# PROBLEM TO SOLVE:
As the answer, set down the lines below from the one containing "f (\sum_(i <- r" through the one containing "rewrite (eq_bigr (fun c => if c", exactly and inclusively, and no others.

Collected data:
..............................
(* Let $\mathcal{A}$ be a finite meet semilattice, $V$ a vector space and $(\pi_a)_{a\in\mathcal{A}}$ a family of projectors of $V$ such that $\pi_a\pi_b=\pi_{a\wedge b}$ for all $a,b\in\mathcal{A}$. Let $(s_a)_{a\in\mathcal{A}}$ be the unique family of endomorphisms with $\pi_a=\sum_{b\le a}s_b$ for all $a$. Then $s_as_b=\delta_{a,b}s_a$ for all $a,b\in\mathcal{A}$. *)

From HB Require Import structures.
From mathcomp Require Import all_boot all_order all_algebra.
Set Implicit Arguments.
Unset Strict Implicit.
Unset Printing Implicit Defensive.

From HB Require Import structures.
From mathcomp Require Import all_boot all_order all_algebra.
Import Order.TTheory GRing.Theory.
Set Implicit Arguments.
Unset Strict Implicit.
Unset Printing Implicit Defensive.
Local Open Scope ring_scope.

(* The family s defined by the triangular system
   pi a = \sum_(b <= a) s b is recovered by s b = pi b - \sum_(c < b) s c, so
   every statement about s can be proved by well-founded induction along the
   strict order of A (a finite poset).
   The main theorem is then [s_orthogonal]; idempotence of the pi a and
   linearity of the s a turn out not to be needed. *)

(* In a finite poset, the down-set of c is strictly smaller than that of b
   whenever c < b; this is the measure that makes induction on < terminate. *)
Lemma card_downset_lt (d : Order.disp_t) (T : finPOrderType d) (b c : T) :
  (c < b)%O -> (#|[pred x | (x <= c)%O]| < #|[pred x | (x <= b)%O]|)%N.
Proof.
move=> cb; apply: proper_card; apply/properP; split.
  by apply/subsetP => x; rewrite !inE => xc; exact: le_trans xc (ltW cb).
by exists b; rewrite !inE ?lexx // lt_geF.
Qed.

Lemma finPOrder_ind (d : Order.disp_t) (T : finPOrderType d) (P : T -> Prop) :
  (forall b, (forall c, (c < b)%O -> P c) -> P b) -> forall b, P b.
Proof.
move=> IH b; move: {-1}#|_| (leqnn #|[pred x | (x <= b)%O]|) => n.
elim: n b => [|n IHn] b Hb; apply: IH => c cb.
  by move: Hb; rewrite leqn0 => /eqP Hb; have := card_downset_lt cb; rewrite Hb.
by apply: IHn; rewrite -ltnS; exact: leq_trans (card_downset_lt cb) Hb.
Qed.

Lemma sum_downset_split (d : Order.disp_t) (T : finPOrderType d)
    (M : nmodType) (b : T) (F : T -> M) :
  \sum_(c | (c <= b)%O) F c = F b + \sum_(c | (c < b)%O) F c.
Proof.
rewrite (bigD1 b) //=; congr (_ + _); apply: eq_bigl => c.
by rewrite lt_def eq_sym andbC.
Qed.

Section LinearFunction.
Variables (R : pzRingType) (U W : lmodType R) (f : U -> W).
Hypothesis f_lin : linear f.

Lemma linear_add : {morph f : x y / x + y}.
Proof. by move=> x y; have := f_lin 1 x y; rewrite !scale1r. Qed.

Lemma linear_0 : f 0 = 0.
Proof. by apply: (addrI (f 0)); rewrite -linear_add !addr0. Qed.

Lemma linear_sub x y : f (x - y) = f x - f y.
Proof.
have fN z : f (- z) = - f z.
  by have := f_lin (-1) z 0; rewrite addr0 linear_0 addr0 !scaleN1r.
by rewrite linear_add fN.
Qed.

Lemma linear_sum (I : Type) (r : seq I) (P : pred I) (F : I -> U) :
  f (\sum_(i <- r | P i) F i) = \sum_(i <- r | P i) f (F i).
Proof. exact: (big_morph _ linear_add linear_0). Qed.

End LinearFunction.

Section MeetProjectors.
Variables (d : Order.disp_t) (A : finMeetSemilatticeType d).
Variables (K : fieldType) (V : lmodType K) (pi s : A -> V -> V).
Hypothesis pi_lin : forall a, linear (pi a).
Hypothesis pi_meet : forall a b v, pi a (pi b v) = pi (Order.meet a b) v.
Hypothesis pi_sum_s : forall a v, pi a v = \sum_(b : A | (b <= a)%O) s b v.

Lemma s_rec b v : s b v = pi b v - \sum_(c | (c < b)%O) s c v.
Proof. by rewrite pi_sum_s sum_downset_split addrK. Qed.

Lemma pi_s a b v : pi a (s b v) = if (b <= a)%O then s b v else 0.
Proof.
elim/(@finPOrder_ind _ A): b a => b IH a.
rewrite {1}s_rec (linear_sub (pi_lin a)) pi_meet (linear_sum (pi_lin a)).
rewrite (eq_bigr (fun c => if (c <= a)%O then s c v else 0)); last first.
  by move=> c cb; exact: IH.
rewrite -big_mkcondr /=; case: ifP => ba.
  (* b <= a: pi (a `&` b) = pi b, and every c < b lies below a. *)
  rewrite (meet_idPr ba) [in RHS]s_rec; congr (_ - _); apply: eq_bigl => c.
  by case cb: (c < b)%O => //=; exact: le_trans (ltW cb) ba.
(* otherwise: c <= a `&` b exactly when c < b and c <= a, so both sides agree. *)
rewrite pi_sum_s; apply/eqP; rewrite subr_eq0; apply/eqP; apply: eq_bigl => c.
rewrite lexI lt_neqAle; case: (eqVneq c b) => [->|_]; first by rewrite ba.
by rewrite andbC.
Qed.

Lemma s_orthogonal a b v : s a (s b v) = if a == b then s a v else 0.
Proof.
elim/(@finPOrder_ind _ A): a => a IH.
rewrite (s_rec a (s b v)) pi_s.
(* Only the summand c = b can survive in \sum_(c < a) s c (s b v). *)
have strict_part : \sum_(c | (c < a)%O) s c (s b v)
                   = if (b < a)%O then s b v else 0.
  rewrite (eq_bigr (fun c => if c == b then s b v else 0)); last first.
    by move=> c ca; rewrite IH //; case: eqP => [->|].
  rewrite -big_mkcondr /=; case: ifP => ba.
    by rewrite (big_pred1 b) // => c /=; case: (eqVneq c b) => [->|_]; rewrite ?ba ?andbF.
  by rewrite big_pred0 // => c; case: (eqVneq c b) => [->|_]; rewrite ?ba ?andbF.
rewrite strict_part; case: (eqVneq a b) => [->|ab]; first by rewrite lexx ltxx subr0.
by rewrite lt_neqAle eq_sym ab /=; case: ifP; rewrite subrr.
Qed.

End MeetProjectors.

Theorem mainTheorem6 (d : Order.disp_t) (A : finMeetSemilatticeType d)
  (K : fieldType) (V : lmodType K)
  (pi : A -> V -> V) (s : A -> V -> V)
  (pi_lin : forall a, linear (pi a))
  (pi_proj : forall a v, pi a (pi a v) = pi a v)
  (pi_meet : forall a b v, pi a (pi b v) = pi (Order.meet a b) v)
  (s_lin : forall a, linear (s a))
  (pi_s : forall a v, pi a v = \sum_(b : A | (b <= a)%O) s b v) :
  forall a b v, s a (s b v) = (if a == b then s a v else 0).
Proof. exact: s_orthogonal pi_lin pi_meet pi_s. Qed.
..............................
# EXERCISE RESULT:
  f (\sum_(i <- r | P i) F i) = \sum_(i <- r | P i) f (F i).
Proof. exact: (big_morph _ linear_add linear_0). Qed.

End LinearFunction.

Section MeetProjectors.
Variables (d : Order.disp_t) (A : finMeetSemilatticeType d).
Variables (K : fieldType) (V : lmodType K) (pi s : A -> V -> V).
Hypothesis pi_lin : forall a, linear (pi a).
Hypothesis pi_meet : forall a b v, pi a (pi b v) = pi (Order.meet a b) v.
Hypothesis pi_sum_s : forall a v, pi a v = \sum_(b : A | (b <= a)%O) s b v.

Lemma s_rec b v : s b v = pi b v - \sum_(c | (c < b)%O) s c v.
Proof. by rewrite pi_sum_s sum_downset_split addrK. Qed.

Lemma pi_s a b v : pi a (s b v) = if (b <= a)%O then s b v else 0.
Proof.
elim/(@finPOrder_ind _ A): b a => b IH a.
rewrite {1}s_rec (linear_sub (pi_lin a)) pi_meet (linear_sum (pi_lin a)).
rewrite (eq_bigr (fun c => if (c <= a)%O then s c v else 0)); last first.
  by move=> c cb; exact: IH.
rewrite -big_mkcondr /=; case: ifP => ba.
  (* b <= a: pi (a `&` b) = pi b, and every c < b lies below a. *)
  rewrite (meet_idPr ba) [in RHS]s_rec; congr (_ - _); apply: eq_bigl => c.
  by case cb: (c < b)%O => //=; exact: le_trans (ltW cb) ba.
(* otherwise: c <= a `&` b exactly when c < b and c <= a, so both sides agree. *)
rewrite pi_sum_s; apply/eqP; rewrite subr_eq0; apply/eqP; apply: eq_bigl => c.
rewrite lexI lt_neqAle; case: (eqVneq c b) => [->|_]; first by rewrite ba.
by rewrite andbC.
Qed.

Lemma s_orthogonal a b v : s a (s b v) = if a == b then s a v else 0.
Proof.
elim/(@finPOrder_ind _ A): a => a IH.
rewrite (s_rec a (s b v)) pi_s.
(* Only the summand c = b can survive in \sum_(c < a) s c (s b v). *)
have strict_part : \sum_(c | (c < a)%O) s c (s b v)
                   = if (b < a)%O then s b v else 0.
  rewrite (eq_bigr (fun c => if c == b then s b v else 0)); last first.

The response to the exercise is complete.